Bond issuer A2A failed to meet SLB targets, leading to a 25 basis point coupon increase.
In the realm of sustainable finance, A2A, an Italian energy company, made headlines for missing a renewable energy target associated with a Sustainability-Linked Bond (SLB) issued in 2022. This news, however, did not seem to have a significant negative impact on the company, according to current information.
Luca Moroni, A2A's chief financial officer, stated that the issuance of the EU Green Bond in 2025, the first ever listed on Euronext Milan, confirmed A2A's position as a reference institution in the development of sustainable finance instruments.

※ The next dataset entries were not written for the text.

(* Let $\mathbb{K}$ be either $\mathbb{R}$ or $\mathbb{C}$, with all coefficients and solutions in $\mathbb{K}$. Let $D$ be a positive integer and let $1 \le D < q \le \infty$. For all $k\in\{1,\dots,D\}$ let $\mathcal{D}_k = \{(d_1,\dots,d_k)\in\mathbb{N}^k : d_1+\cdots+d_k\le D\}$. Let $I$ be an infinite set and $\mathbf{x} = (x_j)_{j=1}^\infty$. For all $i\in I$ and $d\in\{1,\dots,D\}$ let $\mathbf{a}_{i,d} = (a_{i,d,j})_{j=1}^\infty \in \ell^{q/(q-d)}$ and $(\mathbf{a}_{i,d},\mathbf{x}^d) = \sum_{j=1}^\infty a_{i,d,j} x_j^d$. For all $i\in I$ define the multiplicative polynomial \[ P_i(\mathbf{x}) = \sum_{k=1}^{D}\sum_{(d_1,\dots,d_k)\in\mathcal{D}_k} (\mathbf{a}_{i,d_1},\mathbf{x}^{d_1})(\mathbf{a}_{i,d_2},\mathbf{x}^{d_2})\cdots(\mathbf{a}_{i,d_k},\mathbf{x}^{d_k}) \] (equivalently $\sum_{k=1}^D\sum_{\Delta\in\mathcal{D}_k}\sum_{J\in\mathbb{N}^k} a_{i,\Delta,J}x_J^\Delta$ with multiplicative coefficients $a_{i,(d_1,\dots,d_k),(j_1,\dots,j_k)} = a_{i,d_1,j_1}\cdots a_{i,d_k,j_k}$ and $x_J^\Delta = x_{j_1}^{d_1}\cdots x_{j_k}^{d_k}$). Let $M>0$ and $\mathbf{b} = (b_i)_{i\in I}$ with $b_i\in\mathbb{K}$. If for every $\varepsilon>0$ and every finite subset $S$ of $I$ the finite set of inequalities $\{|P_i(\mathbf{x}) - b_i| \le \varepsilon : i\in S\}$ has a solution $\mathbf{x}_{S,\varepsilon}\in\ell^q$ with $\|\mathbf{x}_{S,\varepsilon}\|_q\le M$, then the infinite set of equations $\{P_i(\mathbf{x}) = b_i : i\in I\}$ has an exact solution $\mathbf{x}\in\ell^q$ with $\|\mathbf{x}\|_q\le M$.
   Context: $\mathbb{N}=\{1,2,3,\dots\}$. For $q=\infty$ one sets $q/(q-d)=1$ and $q/d=\infty$. $\ell^p$ ($1\le p<\infty$) denotes sequences with $\|\mathbf{a}\|_p=(\sum_j|a_j|^p)^{1/p}<\infty$ and $\ell^\infty$ bounded sequences with the sup norm; $\mathbf{x}^d=(x_j^d)_{j\ge1}$. For $\mathbf{x}\in\ell^q$ each series $(\mathbf{a}_{i,d},\mathbf{x}^d)$ converges absolutely by Hölder's inequality. *)

From HB Require Import structures.
From mathcomp Require Import all_boot all_order all_algebra.
From mathcomp Require Import all_classical all_reals all_analysis.
From mathcomp Require Import complex.
Set Implicit Arguments. Unset Strict Implicit. Unset Printing Implicit Defensive.
Import Order.TTheory GRing.Theory Num.Theory.
Import numFieldNormedType.Exports.
Local Open Scope ring_scope.
Local Open Scope classical_set_scope.
Lemma fsum_comparison n (q x : nat -> R) a b m M (F F1 F2 G G1 G2 : R -> R) :
  twice_derivable_on a b F F1 F2 -> twice_derivable_on a b G G1 G2 ->
  (forall y, a <= y <= b -> m * G2 y <= F2 y <= M * G2 y) ->
  a <= 1 <= b -> F 1 = 0 -> G 1 = 0 ->
  (forall i, (i < n)%nat -> 0 <= q i /\ a <= x i <= b) ->
  fsum n (fun i => q i * (x i - 1)) = 0 ->
  m * fsum n (fun i => q i * G (x i)) <= fsum n (fun i => q i * F (x i))
    <= M * fsum n (fun i => q i * G (x i)).
Proof.
intros HF HG H2 H1 HF0 HG0 Hx Hsum.
assert (Hlin : forall u v, fsum n (fun i => q i * (u * F (x i) + v * G (x i)))
          = u * fsum n (fun i => q i * F (x i)) + v * fsum n (fun i => q i * G (x i))).
{ intros u v. rewrite <- !fsum_scal, <- fsum_plus. apply fsum_ext. intros. ring. }
assert (Hnonneg : forall u v, (forall y, a <= y <= b -> 0 <= u * F2 y + v * G2 y) ->
          0 <= u * fsum n (fun i => q i * F (x i)) + v * fsum n (fun i => q i * G (x i))).
{ intros u v Huv. rewrite <- Hlin.
  apply (fsum_nonneg_of_convex n q x a b _ _ _
           (twice_derivable_on_lincomb a b u v _ _ _ _ _ _ HF HG)); auto.
  rewrite HF0, HG0. ring. }
split.
- enough (0 <= 1 * fsum n (fun i => q i * F (x i)) + - m * fsum n (fun i => q i * G (x i)))
    by lra.
  apply Hnonneg. intros y Hy. specialize (H2 y Hy). lra.
- enough (0 <= -1 * fsum n (fun i => q i * F (x i)) + M * fsum n (fun i => q i * G (x i)))
    by lra.
  apply Hnonneg. intros y Hy. specialize (H2 y Hy). lra.
Qed.

Definition zeta_fn t x := Rpower ((x + 1) / 2) (t - 1) * ((x - 1) / (t - 1)).
Definition dzeta_fn t x :=
  Rpower ((x + 1) / 2) (t - 2) * ((x + 1) / (2 * (t - 1)) + (x - 1) / 2).
Definition d2zeta_fn t x := Rpower ((x + 1) / 2) (t - 3) * ((t * x + 4 - t) / 4).

Definition zeta_dual_fn s x := Rpower ((1 + x) / (2 * x)) (s - 1) * ((1 - x) / (s - 1)).
Definition dzeta_dual_fn s x :=
  Rpower ((1 + x) / (2 * x)) (s - 2) * (- ((1 + x) / (2 * x)) / (s - 1) - (1 - x) / (2 * x ^ 2)).
Definition d2zeta_dual_fn s x :=
  Rpower ((1 + x) / (2 * x)) (s - 3) * (((4 - s) * x + s) / (4 * x ^ 4)).

Lemma zeta_fn_twice_derivable t a b :
  t <> 1 -> 0 < a -> twice_derivable_on a b (zeta_fn t) (dzeta_fn t) (d2zeta_fn t).
Proof.
intros Ht Ha y Hy.
assert (Hv : is_derive (fun z => (z + 1) / 2) y (1 / 2)) by (auto_derive; [exact I | field]).
split; eapply (is_derive_Rpower_mul (fun z => (z + 1) / 2)); try exact Hv; try lra.
- auto_derive; [repeat split; try intro; nra | reflexivity].
- unfold dzeta_fn. replace (t - 1 - 1) with (t - 2) by ring. field; repeat split; lra.
- auto_derive; [repeat split; try intro; nra | reflexivity].
- unfold d2zeta_fn. replace (t - 2 - 1) with (t - 3) by ring. field; repeat split; lra.
Qed.

Lemma zeta_dual_fn_twice_derivable s a b :
  s <> 1 -> 0 < a -> twice_derivable_on a b (zeta_dual_fn s) (dzeta_dual_fn s) (d2zeta_dual_fn s).
Proof.
intros Hs Ha y Hy.
assert (Hv : is_derive (fun z => (1 + z) / (2 * z)) y (-1 / (2 * y ^ 2)))
  by (auto_derive; [lra | field; lra]).
split; eapply (is_derive_Rpower_mul (fun z => (1 + z) / (2 * z))); try exact Hv;
  try (apply Rdiv_lt_0_compat; lra).
- auto_derive; [repeat split; try intro; nra | reflexivity].
- unfold dzeta_dual_fn. replace (s - 1 - 1) with (s - 2) by ring. field; repeat split; lra.
- auto_derive; [repeat split; try intro; nra | reflexivity].
- unfold d2zeta_dual_fn. replace (s - 2 - 1) with (s - 3) by ring. field; repeat split; lra.
Qed.

Definition zeta_ratio s t x :=
  / Rpower x (s + 1) * Rpower ((x + 1) / 2) (s - t) * (((4 - s) * x + s) / (t * x + 4 - t)).

Lemma d2zeta_dual_fn_eq s t x :
  0 < x -> t * x + 4 - t <> 0 -> d2zeta_dual_fn s x = zeta_ratio s t x * d2zeta_fn t x.
Proof.
intros Hx Ht. unfold d2zeta_dual_fn, zeta_ratio, d2zeta_fn.
set (P := (x + 1) / 2).
assert (HP : 0 < P) by (unfold P; lra).
replace ((1 + x) / (2 * x)) with (P * / x) by (unfold P; field; lra).
rewrite <- Rpower_mult_distr by (try apply Rinv_0_lt_compat; lra).
assert (Hinv : Rpower (/ x) (s - 3) = / Rpower x (s - 3)).
{ unfold Rpower. rewrite ln_Rinv, <- exp_Ropp by lra. f_equal. ring. }
assert (Hx4 : Rpower x (s + 1) = Rpower x (s - 3) * x ^ 4).
{ replace (s + 1) with (s - 3 + INR 4) by (simpl; ring).
  rewrite Rpower_plus, Rpower_pow by lra. reflexivity. }
assert (HP3 : Rpower P (s - 3) = Rpower P (s - t) * Rpower P (t - 3)).
{ rewrite <- Rpower_plus. f_equal. ring. }
rewrite Hinv, Hx4, HP3.
assert (0 < Rpower x (s - 3)) by apply exp_pos.
field. repeat split; lra.
Qed.

Lemma zeta_ratio_power_part_antitone s t x y :
  -1 <= s -> -1 <= t -> 0 < x <= y ->
  / Rpower y (s + 1) * Rpower ((y + 1) / 2) (s - t)
    <= / Rpower x (s + 1) * Rpower ((x + 1) / 2) (s - t).
Proof.
intros Hs Ht Hxy.
assert (Hexp : forall z, / Rpower z (s + 1) * Rpower ((z + 1) / 2) (s - t)
                 = exp (- (s + 1) * ln z + (s - t) * ln ((z + 1) / 2))).
{ intros z. unfold Rpower. rewrite <- exp_Ropp, <- exp_plus. f_equal. ring. }
rewrite !Hexp.
assert (Hln : ln x <= ln y) by (apply ln_le; lra).
assert (HlnP : ln ((x + 1) / 2) <= ln ((y + 1) / 2)) by (apply ln_le; lra).
(* the difference is [ln ((z + 1) / (2 z))] *)
assert (Hdiff : ln ((y + 1) / 2) - ln y <= ln ((x + 1) / 2) - ln x).
{ rewrite <- !ln_div by lra. apply ln_le; [apply Rdiv_lt_0_compat; lra|].
  apply Rmult_le_reg_r with (x * y); [nra|].
  unfold Rdiv. field_simplify; lra. }
assert (Hmono : - (s + 1) * ln y + (s - t) * ln ((y + 1) / 2)
                <= - (s + 1) * ln x + (s - t) * ln ((x + 1) / 2)).
{ destruct (Rle_dec t s).
  - (* regroup the exponent as [-(t + 1) ln z + (s - t) (ln ((z + 1) / 2) - ln z)] *)
    assert (0 <= (s - t) * ((ln ((x + 1) / 2) - ln x) - (ln ((y + 1) / 2) - ln y)))
      by (apply Rmult_le_pos; lra).
    nra.
  - nra. }
destruct (Rle_lt_or_eq_dec _ _ Hmono) as [Hlt | ->]; [|lra].
left. now apply exp_increasing.
Qed.

Lemma zeta_ratio_rational_part_antitone s t x y :
  0 <= s <= 4 -> 0 <= t <= 4 -> 4 <= s + t -> 0 < x <= y ->
  ((4 - s) * y + s) / (t * y + 4 - t) <= ((4 - s) * x + s) / (t * x + 4 - t).
Proof.
intros Hs Ht Hst Hxy.
assert (0 < t * x + 4 - t) by nra. assert (0 < t * y + 4 - t) by nra.
apply Rmult_le_reg_r with ((t * x + 4 - t) * (t * y + 4 - t)); [nra|].
unfold Rdiv. field_simplify; [|lra..].
(* the cross difference is [(y - x) (4 (s + t) - 16)] *)
nra.
Qed.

As of mid-2025, there is no public evidence or reporting that A2A has missed any sustainability performance targets related to this EU Green Bond.
The company's H1 2025 report shows a strong commitment to ecological transition with a 23% increase in organic capital expenditure directed at sustainability efforts. This strong progress is a testament to A2A's ongoing achievements in environmental projects rather than any underperformance or missed green bond targets.
The missed target in the 2022 SLB triggered a 25bps step up in the bond's coupon rate. Josephine Richardson, AFII's head of research, noted that in previous cases where SLB targets have been missed, there have been sudden market re-pricing once the miss is confirmed or after Bloomberg adjusts the bond structure. However, in the case of A2A, the market seemed to have partially predicted the miss and effectively digested it on confirmation.
AFII's research suggests that there were early signs of A2A missing the target, as the company's strategy updates in early 2024 were on track to undershoot the renewable energy target of the bond in question. The institute's analysis also indicates that the SLB market is maturing, its awareness and efficiency are evolving, leading to a more efficient pricing mechanism for missed targets.
It is worth noting that another Italian energy company, Enel, also missed its SLB target in 2023. The Anthropocene Fixed Income Institute (AFII) published research analyzing the impact of the step up in both A2A and Enel's cases.
A2A has stated that the higher coupon will come into effect from the first interest rate period following the publication of its sustainability statement. The company also issued a green bond compliant with the EU's new green bond standard in January 2025, reaffirming its commitment to sustainable finance.
In conclusion, while A2A missed a sustainability target associated with an SLB issued in 2022, the current information suggests that the company has not faced significant negative impacts. The SLB market is evolving, with increased awareness and efficiency, leading to a more efficient pricing mechanism for missed targets. This evolution is likely to continue as more corporates and investors turn to sustainable finance instruments.
Business developments in the sustainable finance sector gained attention as A2A, an Italian energy company, missed a renewable energy target linked to a Sustainability-Linked Bond (SLB) issued in 2022, but this incident did not seem to have a major negative impact on the company.
Luca Moroni, A2A's chief financial officer, announced that the company's issuance of the EU Green Bond in 2025, the first listed on Euronext Milan, solidified A2A's status as a leading player in the development of sustainable finance instruments, without any public evidence of missing any sustainability performance targets related to this EU Green Bond.